FDR was also a great wartime president and a champion of liberty for all citizens and all nations. Several of his often quoted, epigrammatic remarks about the importance of civil rights, education, jobs for all and helping the poor are deeply engraved in the stone blocks that make up much of the memorial.


The FDR Memorial is a long way from the nearest Metro subway stop and quite a hike from the monuments on the opposite side of the Reflecting Pool. It doesn’t get anywhere near the visitors that the more accessible Washington Monument, Lincoln Memorial or Viet Nam Memorial draw. That’s a shame because it is a moving and glorious tribute to a great President.

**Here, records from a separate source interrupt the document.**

Lemma Ck_lipschitz_near (U : R * R -> Prop) (k : nat) (g : R -> R -> R) (x0 y0 eps : R) :
  open U -> Ck (S k) g U -> U (x0, y0) -> 0 < eps ->
  exists d, 0 < d /\
    forall x y x' y', Rabs (x - x0) <= d -> Rabs (y - y0) <= d ->
    Rabs (x' - x0) <= d -> Rabs (y' - y0) <= d ->
    Rabs (g x y - g x' y') <= (Rabs (dx g x0 y0) + Rabs (dy g x0 y0) + eps)
                               * (Rabs (x - x') + Rabs (y - y')).
Proof.
  intros HU [Hder [Hx Hy]] H0 Heps.
  apply (lipschitz_near_of_continuous_partials g U); auto; now apply (Ck_continuous U k).
Qed.

Lemma Rabs_div_norm_le_1 (D1 D2 : R) : 0 < D1 ^ 2 + D2 ^ 2 ->
  Rabs (D1 / sqrt (D1 ^ 2 + D2 ^ 2)) <= 1.
Proof.
  intro h. pose proof (sqrt_lt_R0 _ h).
  unfold Rdiv. rewrite Rabs_mult, Rabs_inv, (Rabs_right (sqrt _)) by lra.
  apply Rmult_le_reg_r with (sqrt (D1 ^ 2 + D2 ^ 2)); [lra |].
  rewrite Rmult_assoc, Rinv_l, Rmult_1_r, Rmult_1_l by lra.
  rewrite <- (sqrt_pow2 (Rabs D1)) by apply Rabs_pos.
  apply sqrt_le_1_alt. rewrite pow2_abs. pose proof (pow2_ge_0 D2). lra.
Qed.

Section PlanarSystem.
Variables (alpha beta : R) (f g : R -> R -> R) (a b : R -> R) (U : R * R -> Prop) (k : nat).
Hypothesis HU : open U.
Hypothesis Hf : Ck (S k) f U.
Hypothesis Hg : Ck (S k) g U.
Hypothesis Ha : forall s, is_derive a s (- alpha * a s + f (a s) (b s)).
Hypothesis Hb : forall s, is_derive b s (beta * b s + g (a s) (b s)).
Lemma gamma_ge0 {eps : R} {e : link R} :
  0 < eps -> (1 + eps) * beta * N <= S alpha e -> 0 <= gamma alpha beta N e.
Proof.
move=> eps_gt0 Se_ge; have gap_gt0 := S_sub_noise_gt0 eps_gt0 Se_ge.
have Se_gt0 : 0 < S alpha e by have := mulr_gt0 beta_gt0 N_gt0; lra.
by rewrite /gamma divr_ge0 // ltW // mulr_gt0.
Qed.

Lemma gamma_le_bound {eps : R} {e : link R} :
  0 < eps -> (1 + eps) * beta * N <= S alpha e -> gamma alpha beta N e <= gamma_bound eps.
Proof.
move=> eps_gt0 Se_ge; have gap_gt0 := S_sub_noise_gt0 eps_gt0 Se_ge.
rewrite /gamma /gamma_bound ler_pdivrMr // mulrAC ler_pdivlMr //.
have -> : beta * (1 + eps) * (S alpha e - beta * N)
  = beta * S alpha e * eps + beta * (S alpha e - (1 + eps) * beta * N) by ring.
by rewrite lerDl mulr_ge0 ?subr_ge0 // ltW.
Qed.

Lemma abar_le1 (e' e : link R) : abar alpha beta N e' e <= 1.
Proof. by rewrite /abar ge_min lexx. Qed.

Lemma abar_ge0 (e' e : link R) :
  0 <= power e' -> 0 < S alpha e -> 0 <= gamma alpha beta N e ->
  0 <= abar alpha beta N e' e.
Proof.
move=> P_ge0 Se_gt0 g_ge0.
rewrite /abar le_min ler01 /= /aff /ahat mulr_ge0 //.
exact: divr_ge0 (Scross_ge0 _ _ P_ge0) (ltW Se_gt0).
Qed.
(* Let $X=[0,\bar a]$ be a nonempty interval and $f:X\to X$ satisfy: (i) $f$ is strictly concave and Lipschitz continuous; (ii) $f(x)\ge 0$ for all $x\in X$; (iii) letting $\bar x\in X$ be the point at which $f$ attains its maximum on $X$ (so $f$ is strictly increasing on $I=[0,\bar x)$ and strictly decreasing on $D=[\bar x,\bar a]$), the restriction of $f$ to $D$ is $L$-Lipschitz with $L<1$; (iv) there is a positive $b\in X$ with $f(b)<b$. Then for every $x_0\in X$, the fixed-point iteration $x_{k+1}=f(x_k)$ converges to a fixed point of $f$.
   Context: A function $f$ is $L$-Lipschitz if $|f(x)-f(y)|\le L|x-y|$ for all $x,y$; Lipschitz continuous if it is $L$-Lipschitz for some $L>0$. $f$ is strictly concave if $f((1-\lambda)x+\lambda y)>(1-\lambda)f(x)+\lambda f(y)$ for all $x\ne y$ and $0<\lambda<1$. *)

From Stdlib Require Export Reals Lra.
Open Scope R_scope.

Definition in_Icc (lo hi x : R) : Prop := lo <= x <= hi.

Definition lipschitz_on (S : R -> Prop) (L : R) (f : R -> R) : Prop :=
  forall x y, S x -> S y -> Rabs (f x - f y) <= L * Rabs (x - y).

Definition lipschitz_continuous_on (S : R -> Prop) (f : R -> R) : Prop :=
  exists L, 0 < L /\ lipschitz_on S L f.

Definition strictly_concave_on (S : R -> Prop) (f : R -> R) : Prop :=
  forall x y lam, S x -> S y -> x <> y -> 0 < lam < 1 ->
    f ((1 - lam) * x + lam * y) > (1 - lam) * f x + lam * f y.

Fixpoint fp_iter (f : R -> R) (x0 : R) (k : nat) : R :=
  match k with
  | O => x0
  | S k' => f (fp_iter f x0 k')
  end.

From Stdlib Require Import Reals Lra Lia Classical.
Open Scope R_scope.

(* Since f - id is concave and f 0 >= 0, the set where x <= f x is an interval
   [0, p] with f p = p, and f x < x beyond p.  If p <= xbar, f is nondecreasing
   on [0, p], so [0, p] is invariant and orbits increase there, while orbits
   staying above p decrease.  If xbar < p, the distance to p never increases
   along an orbit and shrinks by the factor L at every visit to [xbar, abar]; so
   either the orbit eventually stays below xbar, where it increases, or it
   visits [xbar, abar] infinitely often and converges to p.  In all cases the
   orbit converges, and by continuity its limit is a fixed point. *)

Lemma fp_iter_add f x m n : fp_iter f x (n + m) = fp_iter f (fp_iter f x m) n.
Proof. induction n as [|n IH]; simpl; [reflexivity | now rewrite IH]. Qed.

Lemma fp_iter_in_Icc lo hi f x0 :
  (forall x, in_Icc lo hi x -> in_Icc lo hi (f x)) ->
  in_Icc lo hi x0 -> forall k, in_Icc lo hi (fp_iter f x0 k).
Proof. intros Hf H0 k; induction k; simpl; auto. Qed.

Lemma fp_iter_cv_tail f x0 N l :
  Un_cv (fp_iter f (fp_iter f x0 N)) l -> Un_cv (fp_iter f x0) l.
Proof.
  intros H. apply (CV_shift _ N).
  apply (Un_cv_ext (fp_iter f (fp_iter f x0 N))); [|exact H].
  intros n. now rewrite fp_iter_add.
Qed.

Lemma Un_cv_in_Icc lo hi u l :
  (forall k, in_Icc lo hi (u k)) -> Un_cv u l -> in_Icc lo hi l.
Proof.
  intros Hu Hl.
  assert (Hconst : forall c, Un_cv (fun _ => c) c).
  { intros c eps Heps. exists 0%nat. intros n _. unfold Rdist.
    rewrite Rminus_diag, Rabs_R0. exact Heps. }
  split.
  - apply (@Rle_cv_lim (fun _ => lo) u); [intros k; apply Hu | apply Hconst | exact Hl].
  - apply (@Rle_cv_lim u (fun _ => hi)); [intros k; apply Hu | exact Hl | apply Hconst].
Qed.

Lemma Un_cv_growing_bounded u hi :
  Un_growing u -> (forall k, u k <= hi) -> exists l, Un_cv u l.
Proof.
  intros Hg Hb. destruct (growing_cv u Hg) as [l Hl]; [|now exists l].
  exists hi. intros x [k ->]. apply Hb.
Qed.

Lemma Un_cv_decreasing_bounded u lo :
  Un_decreasing u -> (forall k, lo <= u k) -> exists l, Un_cv u l.
Proof.
  intros Hd Hb. destruct (decreasing_cv u Hd) as [l Hl]; [|now exists l].
  exists (- lo). intros x [k ->]. unfold opp_seq. specialize (Hb k). lra.
Qed.

Lemma Un_cv_0_eventual_contractions d L :
  0 <= L < 1 -> (forall k, 0 <= d k) -> Un_decreasing d ->
  (forall N, exists k, (N <= k)%nat /\ d (S k) <= L * d k) ->
  Un_cv d 0.
Proof.
  intros HL Hpos Hdec Hinf.
  assert (Hpow : forall n, exists N, forall k, (N <= k)%nat -> d k <= L ^ n * d 0%nat).
  { induction n as [|n [N HN]].
    - exists 0%nat. intros k Hk. rewrite pow_O, Rmult_1_l.
      exact (decreasing_prop d 0 k Hdec Hk).
    - destruct (Hinf N) as [k [Hk Hcontr]]. exists (S k). intros j Hj.
      apply (Rle_trans _ (d (S k))); [exact (decreasing_prop d _ _ Hdec Hj)|].
      apply (Rle_trans _ (L * d k)); [exact Hcontr|].
      rewrite <- tech_pow_Rmult, Rmult_assoc.
      apply Rmult_le_compat_l; [lra | now apply HN]. }
  intros eps Heps.
  destruct (pow_lt_1_zero L ltac:(rewrite Rabs_pos_eq; lra) (eps / (d 0%nat + 1)))
    as [M HM].
  { apply Rdiv_lt_0_compat; [exact Heps | specialize (Hpos 0%nat); lra]. }
  destruct (Hpow M) as [N HN]. exists N. intros k Hk. unfold Rdist.
  rewrite Rminus_0_r, Rabs_pos_eq by apply Hpos.
  specialize (HN k Hk). specialize (HM M (Nat.le_refl M)).
  rewrite Rabs_pos_eq in HM by (apply pow_le; lra).
  assert (H0 := Hpos 0%nat).
  assert (Hq : eps / (d 0%nat + 1) * (d 0%nat + 1) = eps) by (field; lra).
  nra.
Qed.

Lemma Un_cv_of_dist_cv_0 u p :
  Un_cv (fun k => Rabs (u k - p)) 0 -> Un_cv u p.
Proof.
  intros H eps Heps. destruct (H eps Heps) as [N HN]. exists N. intros n Hn.
  specialize (HN n Hn). unfold Rdist in *. now rewrite Rminus_0_r, Rabs_Rabsolu in HN.
Qed.

Lemma lipschitz_on_le S L L' f :
  L <= L' -> lipschitz_on S L f -> lipschitz_on S L' f.
Proof.
  intros HLL' Hf x y Hx Hy. apply (Rle_trans _ (L * Rabs (x - y))); [now apply Hf|].
  apply Rmult_le_compat_r; [apply Rabs_pos | exact HLL'].
Qed.

Lemma lipschitz_on_sub_id S K f :
  lipschitz_on S K f -> lipschitz_on S (K + 1) (fun x => f x - x).
Proof.
  intros Hf x y Hx Hy.
  replace (f x - x - (f y - y)) with ((f x - f y) - (x - y)) by ring.
  apply (Rle_trans _ _ _ (Rabs_triang _ _)). rewrite Rabs_Ropp.
  specialize (Hf x y Hx Hy). lra.
Qed.
(* Consider the uplink system described in the context and the problem $$\text{(P)}:\ \max\ \log\Big|\sum_{v=1}^U \mathbf G_v(\mathbf w_v)\mathbf Q_v\mathbf G_v^H(\mathbf w_v)+\mathbf I_M\Big|$$ over $\mathbf Q_v\in\mathbb C^{N_v\times N_v}$, $\mathbf Q_v\succeq\mathbf 0$, $\mathrm{tr}(\mathbf Q_v)\le P_v$, and $\mathbf w_v\in\mathbb R^{N_v}$ with $0\le w_{v,n}\le W_v$ and $w_{v,n}\ne w_{v,n'}$ for $n\neq n'$, for all $v\in\{1,\dots,U\}$. Suppose that for some user $u$ we have $L_u=1$. Let $\mathcal U'=\{1,\dots,U\}\setminus\{u\}$. Then (P) is equivalent (in the sense of having the same optimal objective value) to the problem $$\max\ \log\Big|\sum_{v\in\mathcal U'}\mathbf G_v(\mathbf w_v)\mathbf Q_v\mathbf G_v^H(\mathbf w_v)+MN_uP_u|\gamma_{u,1}|^2\mathbf a_{u,\mathrm R}(\beta_{u,1})\mathbf a_{u,\mathrm R}^H(\beta_{u,1})+\mathbf I_M\Big|$$ over $\mathbf Q_v\succeq\mathbf 0$, $\mathrm{tr}(\mathbf Q_v)\le P_v$, $0\le w_{v,n}\le W_v$, $w_{v,n}\ne w_{v,n'}$ ($n\ne n'$), for all $v\in\mathcal U'$.
   Context: A base station (BS) has an $M$-antenna uniform linear array with spacing $d=\lambda/2$ ($\lambda$ the wavelength). User $v\in\{1,\dots,U\}$ has $N_v$ antennas at positions $w_{v,1},\dots,w_{v,N_v}\in[0,W_v]$ on a line, power budget $P_v>0$, and $L_v$ propagation paths to the BS with complex gains $\gamma_{v,l}$, angles of arrival $\beta_{v,l}\in[0,\pi]$ and angles of departure $\theta_{v,l}\in[0,\pi]$. Define $\mathbf a_{v,\mathrm R}(\beta)=\frac1{\sqrt M}[1,e^{-j\frac{2\pi}{\lambda}d\cos\beta},\dots,e^{-j\frac{2\pi}{\lambda}(M-1)d\cos\beta}]^T$, $\mathbf a_{v,\mathrm T}(\theta,\mathbf w_v)=\frac1{\sqrt{N_v}}[e^{-j\frac{2\pi}{\lambda}w_{v,1}\cos\theta},\dots,e^{-j\frac{2\pi}{\lambda}w_{v,N_v}\cos\theta}]^T$, $\boldsymbol\Gamma_v=\mathrm{diag}(\gamma_{v,1},\dots,\gamma_{v,L_v})$, $\mathbf A_{v,\mathrm R}=[\mathbf a_{v,\mathrm R}(\beta_{v,l})]_{l=1}^{L_v}\in\mathbb C^{M\times L_v}$, $\mathbf A_{v,\mathrm T}(\mathbf w_v)=[\mathbf a_{v,\mathrm T}(\theta_{v,l},\mathbf w_v)]_{l=1}^{L_v}\in\mathbb C^{N_v\times L_v}$, and the channel $\mathbf G_v(\mathbf w_v)=\sqrt{MN_v}\,\mathbf A_{v,\mathrm R}\boldsymbol\Gamma_v\mathbf A_{v,\mathrm T}^H(\mathbf w_v)$. $|\cdot|$ denotes determinant. *)

From mathcomp Require Import all_boot all_order all_algebra.
From mathcomp Require Import complex.
From mathcomp Require Import all_classical all_reals all_analysis.

Set Implicit Arguments.
Unset Strict Implicit.
Unset Printing Implicit Defensive.

Import Order.TTheory GRing.Theory Num.Theory.
Local Open Scope ring_scope.

Local Open Scope sesquilinear_scope.

Section Channel.
Variable R : realType.
Local Notation C := R[i].

Definition expi (t : R) : C := Complex (cos t) (sin t).

(* the ULA steering vector at the BS, with d = lambda/2 *)
Definition aR (M : nat) (lam beta : R) : 'cV[C]_M :=
  \col_(i < M) (((Num.sqrt (M%:R : R))^-1)%:C%C *
     expi (- (2 * pi / lam) * ((nat_of_ord i)%:R * (lam / 2)) * cos beta)).

Definition aT (N : nat) (lam theta : R) (w : 'I_N -> R) : 'cV[C]_N :=
  \col_(n < N) (((Num.sqrt (N%:R : R))^-1)%:C%C *
     expi (- (2 * pi / lam) * w n * cos theta)).

Definition ARmx (M L : nat) (lam : R) (beta : 'I_L -> R) : 'M[C]_(M, L) :=
  \matrix_(m < M, l < L) aR M lam (beta l) m 0.

Definition ATmx (N L : nat) (lam : R) (theta : 'I_L -> R) (w : 'I_N -> R)
  : 'M[C]_(N, L) :=
  \matrix_(n < N, l < L) aT lam (theta l) w n 0.

Definition Gammamx (L : nat) (gamma : 'I_L -> C) : 'M[C]_L :=
  diag_mx (\row_(l < L) gamma l).

Definition chan (M N L : nat) (lam : R) (gamma : 'I_L -> C)
  (beta theta : 'I_L -> R) (w : 'I_N -> R) : 'M[C]_(M, N) :=
  (Num.sqrt ((M * N)%:R : R))%:C%C *:
    (ARmx M lam beta *m Gammamx gamma *m (ATmx lam theta w) ^t*).

Definition psdmx (n : nat) (Q : 'M[C]_n) : Prop :=
  Q ^t* = Q /\ forall x : 'cV[C]_n, 0 <= (x ^t* *m Q *m x) 0 0.

Definition user_feasible (N : nat) (Pv Wv : R) (Q : 'M[C]_N) (w : 'I_N -> R)
  : Prop :=
  [/\ psdmx Q, \tr Q <= Pv%:C%C,
      (forall n, 0 <= w n <= Wv) & injective w].

End Channel.

From mathcomp Require Import all_boot all_order all_algebra.
From mathcomp Require Import complex.
From mathcomp Require Import all_classical all_reals all_analysis.
From mathcomp Require Import ring.

(* With a single path, user u's channel is the rank-one matrix
   c a_R a_T(w)^H with |c|^2 = M N_u |gamma|^2 and ||a_T(w)|| = 1, so its
   contribution to the covariance is |c|^2 (a_T^H Q a_T) a_R a_R^H, where
   0 <= a_T^H Q a_T <= tr Q <= P_u.  By the matrix determinant lemma,
   det (H + s a_R a_R^H + I) = det (H + I) (1 + s a_R^H (H + I)^-1 a_R)
   is nondecreasing in s >= 0 when H is positive semidefinite, so user u
   contributes at most P_u |c|^2 a_R a_R^H, and this is attained by
   Q_u = P_u a_T a_T^H whatever the admissible antenna positions. *)

Set Implicit Arguments.
Unset Strict Implicit.
Unset Printing Implicit Defensive.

We walked across a wide expanse of grass - where a dozen or more 20-somethings were playing softball - to Casey’s SUV. Our next stop was Arlington National Cemetery, the final resting place for more than 300,000 patriots. Among them is my father, Lewis Earle Nolan, M.D.


The drive along the Parkway that passes by the 624-acre cemetery is beautiful. The Potomac River side of the lavishly landscaped roadway has 22 miles of cycling and jogging trails. We saw dozens of adults and children riding bikes plus as many as 50 kayaks and rowing sculls on the river. The parkway is an oasis of mowed grass, trees, shrubs and flowerbeds. The view of the Washington skyline across the river is just short of incomparable. The parkway’s easy accessibility to those who live nearby must mitigate the pain of the sky-high real estate prices and horrendous traffic in and around the upscale parts of the District of Columbia and vicinity.


I would certainly enjoy riding a bike on the smooth strip of asphalt. When Casey rides it occasionally, he has to be extra cautious because few recreational cyclists move at the speed he pushes his triathlon bike when training.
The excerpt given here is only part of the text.